Interleukin-2-inducible T-cell kinase (Itk) plays an important role in multiple signal transduction pathways in T and mast cells, and is a potential drug target for treating inflammatory diseases, autoimmune diseases, and T cell leukemia/lymphoma. Herein, we describe the discovery of a series of covalent Itk inhibitors based on the 7H-pyrrolo[2,3-d]pyrimidine scaffold. Placing an appropriate substitution group at a hydration site of the ATP binding pocket of Itk and using a saturated heterocyclic ring as a linker to the reactive group were crucial for selectivity. The optimized compound 9 showed potent activity against Itk, excellent selectivity for Itk over Btk and other structurally related kinases, inhibition of phospholipase C-γ1 (PLC-γ1) phosphorylation in cells, and anti-proliferative effects against multiple T leukemia/lymphoma cell lines. Compound 9 can serve as a valuable compound for further determination of functions of Itk.

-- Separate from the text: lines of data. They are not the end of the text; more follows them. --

(* If $\gamma\in N(x_v^{-1})$, then $v^{-1}(\gamma) \in \Phi^- \setminus \Delta^-$.
   Context: Let $G$ be a complex linear reductive algebraic group with Borel subgroup $B$, maximal torus $T\subset B$, Weyl group $W$, root system $\Phi$ with positive roots $\Phi^+$, negative roots $\Phi^-$, simple roots $\Delta$, and negative simple roots $\Delta^-=-\Delta$. For $w\in W$ let $N(w)=\{\gamma\in\Phi^+ : w(\gamma)\in\Phi^-\}$ be its inversion set. Let $S\in\mathfrak{h}$ (the Lie algebra of $T$) be a non-regular semisimple element and $M=Z_G(S)$, assumed to be a standard Levi subgroup with positive roots $\Phi_M^+$, and let ${^M W}=\{v\in W : N(v^{-1})\subseteq \Phi^+\setminus\Phi_M^+\}$. Fix $v\in {^M W}$, let $R(v)=N(v)\cap\Delta$, and let $L=L_v$ be the standard Levi subgroup with simple roots $\Delta_L=R(v)$, Weyl group $W_L$, positive roots $\Phi_L^+$ and negative roots $\Phi_L^-$. Let $w_v$ be the longest element of $W_L$ and write $v=x_vw_v$ with $x_v\in W^L=\{w\in W : N(w)\subseteq\Phi^+\setminus\Phi_L^+\}$ and $\ell(v)=\ell(x_v)+\ell(w_v)$ (this decomposition exists and is unique). *)

(* Combinatorial model of the root system / Weyl group of a
   complex reductive group G with maximal torus T: roots are column vectors in
   V = X^*(T) (x) R = R^n, equipped with a W-invariant inner product, taken
   to be the standard dot product.  Weyl group elements act on the left as
   matrices: w(gamma) = w *m gamma. *)
From HB Require Import structures.
From mathcomp Require Import all_boot all_order all_algebra.
Set Implicit Arguments. Unset Strict Implicit. Unset Printing Implicit Defensive.
Import Order.TTheory GRing.Theory Num.Theory.
Local Open Scope ring_scope.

白介素2诱导型T细胞激酶（Itk）在T和肥大细胞的多种信号转导途径中起着重要作用，并且是治疗炎性疾病，自身免疫性疾病和T细胞白血病/淋巴瘤的潜在药物靶标。在这里，我们描述了基于7 H-吡咯并[2,3- d ]嘧啶骨架的一系列共价Itk抑制剂的发现。在Itk的ATP结合口袋的水合位点处放置一个适当的取代基，并使用饱和的杂环作为反应基团的连接剂，对选择性至关重要。优化的化合物9表现出对Itk的有效活性，对Itk的优于Btk和其他结构相关激酶的选择性，对细胞中磷脂酶C-γ1（PLC-γ1）磷酸化的抑制作用以及对多种T白血病/淋巴瘤细胞系的抗增殖作用。化合物9可用作进一步确定Itk功能的有价值的化合物。